**Data for this task**
---
Lemma sum_mono_exp d a t : (a <= m)%N -> size t = (m - a)%N -> (sumn t <= d)%N ->
  (\sum_(0 <= k < m.+1) mono_exp d a t k)%N = d.
Proof.
move=> am st td; rewrite (big_cat_nat _ (n := a)) //=; last by lia.
rewrite big1_seq => [|k]; last by rewrite /= mem_index_iota /mono_exp => /andP[_ ->].
rewrite add0n big_ltn /mono_exp; last by lia.
rewrite ltnn eqxx -{1}(add0n a.+1) big_addn (_ : (m.+1 - a.+1)%N = size t); last by lia.
rewrite (eq_bigr (nth 0%N t)) => [|k _]; last by rewrite addnK !ifF //; lia.
by rewrite -(big_nth 0%N xpredT id) -sumnE; lia.
Qed.

Lemma mdeg_mono_at d a t : (a <= m)%N -> size t = (m - a)%N -> (sumn t <= d)%N ->
  mdeg (mono_at d a t) = d.
Proof.
move=> am st td; rewrite mdegE.
under eq_bigr => k _ do rewrite mono_atE.
by rewrite -(big_mkord xpredT (mono_exp d a t)) sum_mono_exp.
Qed.

Lemma mono_at_inj d a a' t t' : (a <= m)%N -> (a' <= m)%N ->
  size t = (m - a)%N -> size t' = (m - a')%N -> (sumn t < d)%N -> (sumn t' < d)%N ->
  mono_at d a t = mono_at d a' t' -> a = a' /\ t = t'.
Proof.
move=> am a'm st st' td t'd e.
have lead b b' u u' : (b <= m)%N -> (sumn u < d)%N -> (b < b')%N ->
    mono_at d b u != mono_at d b' u'.
  move=> bm ud bb'; apply/eqP => /mnmP/(_ (var b)).
  by rewrite !mono_atE /mono_exp /var inordK ?ltnn ?eqxx ?bb' //; lia.
have aa' : a = a'.
  have [lt|lt|//] := ltngtP a a'; first by move: (lead _ _ t t' am td lt); rewrite e eqxx.
  by move: (lead _ _ t' t a'm t'd lt); rewrite e eqxx.
subst a'; split => //; apply: (@eq_from_nth _ 0%N) => [|k kt]; first by rewrite st st'.
move/mnmP: e => /(_ (var (a.+1 + k))); rewrite !mono_atE /mono_exp /var inordK; last by lia.
by rewrite !ifF ?addKn //; lia.
Qed.

Lemma dhomog_mono_at d a t : (a <= m)%N -> size t = (m - a)%N -> (sumn t <= d)%N ->
  ('X_[mono_at d a t] : P) \is d.-homog.
Proof. by move=> am st td; rewrite dhomogX; apply/eqP; apply: mdeg_mono_at. Qed.

Lemma meval_mono_at_eq0 (x : 'I_m.+1 -> F) d a t : (a <= m)%N -> (sumn t < d)%N ->
  x (var a) = 0 -> ('X_[mono_at d a t] : P).@[x] = 0.
Proof.
move=> am td xa0; rewrite mevalX (bigD1 (var a)) //= xa0 mono_atE /mono_exp /var inordK //.
by rewrite ltnn eqxx expr0n /= subn_eq0 leqNgt td mul0r.
Qed.

Definition Gpoly (d i : nat) (b : seq nat) : P :=
  'X_(var i) ^+ (d - sumn b) *
  \prod_(k < size b) \prod_(l < nth 0%N b k) ('X_(var (i.+1 + k)) - E`_l *: 'X_(var i)).

Lemma meval_Gpoly (x : 'I_m.+1 -> F) d i b : (Gpoly d i b).@[x] =
  x (var i) ^+ (d - sumn b) *
  \prod_(k < size b) \prod_(l < nth 0%N b k) (x (var (i.+1 + k)) - E`_l * x (var i)).
Proof.
rewrite mevalM rmorphXn /= mevalXU rmorph_prod; congr (_ * _).
apply: eq_bigr => k _; rewrite rmorph_prod; apply: eq_bigr => l _.
by rewrite rmorphB /= mevalZ !mevalXU.
Qed.

Lemma dhomog_Gpoly d i b : (sumn b <= d)%N -> Gpoly d i b \is d.-homog.
Proof.
move=> bd; have dhomX (u : 'I_m.+1) : ('X_u : P) \is 1.-homog.
  by rewrite dhomogX; apply/eqP; apply: mdeg1.
have deg_Gpoly : (1 * (d - sumn b) + \sum_(k < size b) \sum_(l < nth 0%N b k) 1)%N = d.
  under eq_bigr => k _ do rewrite sum1_card card_ord.
  by rewrite -(big_mkord xpredT (nth 0%N b)) -(big_nth 0%N xpredT id) -sumnE; lia.
rewrite -{2}deg_Gpoly.
apply: dhomogM; first exact: dhomogMn.
apply: dhomog_bigprod => k _; apply: dhomog_bigprod => l _.
by apply: rpredB; [|apply: rpredZ]; apply: dhomX.
Qed.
---
Restate word for word only the lines above from the line containing "by rewrite -(big_mkord xpredT (mono_exp" to the line containing "by rewrite dhomogX;", both of them included.

by rewrite -(big_mkord xpredT (mono_exp d a t)) sum_mono_exp.
Qed.

Lemma mono_at_inj d a a' t t' : (a <= m)%N -> (a' <= m)%N ->
  size t = (m - a)%N -> size t' = (m - a')%N -> (sumn t < d)%N -> (sumn t' < d)%N ->
  mono_at d a t = mono_at d a' t' -> a = a' /\ t = t'.
Proof.
move=> am a'm st st' td t'd e.
have lead b b' u u' : (b <= m)%N -> (sumn u < d)%N -> (b < b')%N ->
    mono_at d b u != mono_at d b' u'.
  move=> bm ud bb'; apply/eqP => /mnmP/(_ (var b)).
  by rewrite !mono_atE /mono_exp /var inordK ?ltnn ?eqxx ?bb' //; lia.
have aa' : a = a'.
  have [lt|lt|//] := ltngtP a a'; first by move: (lead _ _ t t' am td lt); rewrite e eqxx.
  by move: (lead _ _ t' t a'm t'd lt); rewrite e eqxx.
subst a'; split => //; apply: (@eq_from_nth _ 0%N) => [|k kt]; first by rewrite st st'.
move/mnmP: e => /(_ (var (a.+1 + k))); rewrite !mono_atE /mono_exp /var inordK; last by lia.
by rewrite !ifF ?addKn //; lia.
Qed.

Lemma dhomog_mono_at d a t : (a <= m)%N -> size t = (m - a)%N -> (sumn t <= d)%N ->
  ('X_[mono_at d a t] : P) \is d.-homog.
Proof. by move=> am st td; rewrite dhomogX; apply/eqP; apply: mdeg_mono_at. Qed.

Lemma meval_mono_at_eq0 (x : 'I_m.+1 -> F) d a t : (a <= m)%N -> (sumn t < d)%N ->
  x (var a) = 0 -> ('X_[mono_at d a t] : P).@[x] = 0.
Proof.
move=> am td xa0; rewrite mevalX (bigD1 (var a)) //= xa0 mono_atE /mono_exp /var inordK //.
by rewrite ltnn eqxx expr0n /= subn_eq0 leqNgt td mul0r.
Qed.

Definition Gpoly (d i : nat) (b : seq nat) : P :=
  'X_(var i) ^+ (d - sumn b) *
  \prod_(k < size b) \prod_(l < nth 0%N b k) ('X_(var (i.+1 + k)) - E`_l *: 'X_(var i)).

Lemma meval_Gpoly (x : 'I_m.+1 -> F) d i b : (Gpoly d i b).@[x] =
  x (var i) ^+ (d - sumn b) *
  \prod_(k < size b) \prod_(l < nth 0%N b k) (x (var (i.+1 + k)) - E`_l * x (var i)).
Proof.
rewrite mevalM rmorphXn /= mevalXU rmorph_prod; congr (_ * _).
apply: eq_bigr => k _; rewrite rmorph_prod; apply: eq_bigr => l _.
by rewrite rmorphB /= mevalZ !mevalXU.
Qed.

Lemma dhomog_Gpoly d i b : (sumn b <= d)%N -> Gpoly d i b \is d.-homog.
Proof.
move=> bd; have dhomX (u : 'I_m.+1) : ('X_u : P) \is 1.-homog.
  by rewrite dhomogX; apply/eqP; apply: mdeg1.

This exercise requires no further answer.